BRIEF: Begin at the top of the following data. Copy each line exactly until you have copied the line containing "Hypothesis P_mull : forall".

(GIVEN DATA)

Lemma mulmx_mx2 a b c d a' b' c' d' :
  mx2 a b c d *m mx2 a' b' c' d' =
  mx2 (a * a' + b * c') (a * b' + b * d') (c * a' + d * c') (c * b' + d * d').
Proof.
apply/matrixP => i j; rewrite !mxE !big_ord_recl big_ord0 !mxE /=.
by case: i => [[|[|i]] Hi] //; case: j => [[|[|j]] Hj] //=; rewrite addr0.
Qed.

Lemma det_mx2 a b c d : \det (mx2 a b c d) = a * d - b * c.
Proof.
rewrite (expand_det_row _ ord0) !big_ord_recl big_ord0 /cofactor !det_mx11 !mxE /=.
by rewrite addr0 expr0 expr1 mul1r mulN1r mulrN.
Qed.

Lemma mx2_scalar1 : (1%:M : 'M[K]_2) = mx2 1 0 0 1.
Proof.
by apply/matrixP => i j; rewrite !mxE; case: i => [[|[|i]] Hi] //; case: j => [[|[|j]] Hj].
Qed.

Lemma adj_mx2 a b c d : \adj (mx2 a b c d) = mx2 d (- b) (- c) a.
Proof.
apply/matrixP => i j; rewrite !mxE /cofactor det_mx11 !mxE.
by case: i => [[|[|i]] Hi] //; case: j => [[|[|j]] Hj] //=;
  rewrite ?addn0 ?add0n ?addn1 ?expr0 ?expr1 ?mul1r ?mulN1r // sqrrN expr1n mul1r.
Qed.

Lemma det_adj_mx2 M : \det (\adj M) = \det M.
Proof. by case: (mx2P M) => [a [b [c [d ->]]]]; rewrite adj_mx2 !det_mx2; ring. Qed.

End Mx2.

Lemma det_SL2 (K : fieldType) (g : SL2 K) : \det (val g) = 1.
Proof. exact: eqP (valP g). Qed.

Section BiInvariantSet.
Variables (K : fieldType) (P W : 'M[K]_2 -> Prop) (V : set (SL2 K)).
Hypothesis P_mull : forall G H, \det G = 1 -> P G -> W H -> P (H *m G).
Hypothesis P_mulr : forall G H, \det G = 1 -> P G -> W H -> P (G *m H).
Hypothesis W_adj : forall H, W H -> W (\adj H).
Hypothesis V_W : forall g, V g -> W (val g).
Hypothesis V1 : V (SL2_one K).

(End GIVEN DATA)

RESULT OF THE TASK:
Lemma mulmx_mx2 a b c d a' b' c' d' :
  mx2 a b c d *m mx2 a' b' c' d' =
  mx2 (a * a' + b * c') (a * b' + b * d') (c * a' + d * c') (c * b' + d * d').
Proof.
apply/matrixP => i j; rewrite !mxE !big_ord_recl big_ord0 !mxE /=.
by case: i => [[|[|i]] Hi] //; case: j => [[|[|j]] Hj] //=; rewrite addr0.
Qed.

Lemma det_mx2 a b c d : \det (mx2 a b c d) = a * d - b * c.
Proof.
rewrite (expand_det_row _ ord0) !big_ord_recl big_ord0 /cofactor !det_mx11 !mxE /=.
by rewrite addr0 expr0 expr1 mul1r mulN1r mulrN.
Qed.

Lemma mx2_scalar1 : (1%:M : 'M[K]_2) = mx2 1 0 0 1.
Proof.
by apply/matrixP => i j; rewrite !mxE; case: i => [[|[|i]] Hi] //; case: j => [[|[|j]] Hj].
Qed.

Lemma adj_mx2 a b c d : \adj (mx2 a b c d) = mx2 d (- b) (- c) a.
Proof.
apply/matrixP => i j; rewrite !mxE /cofactor det_mx11 !mxE.
by case: i => [[|[|i]] Hi] //; case: j => [[|[|j]] Hj] //=;
  rewrite ?addn0 ?add0n ?addn1 ?expr0 ?expr1 ?mul1r ?mulN1r // sqrrN expr1n mul1r.
Qed.

Lemma det_adj_mx2 M : \det (\adj M) = \det M.
Proof. by case: (mx2P M) => [a [b [c [d ->]]]]; rewrite adj_mx2 !det_mx2; ring. Qed.

End Mx2.

Lemma det_SL2 (K : fieldType) (g : SL2 K) : \det (val g) = 1.
Proof. exact: eqP (valP g). Qed.

Section BiInvariantSet.
Variables (K : fieldType) (P W : 'M[K]_2 -> Prop) (V : set (SL2 K)).
Hypothesis P_mull : forall G H, \det G = 1 -> P G -> W H -> P (H *m G).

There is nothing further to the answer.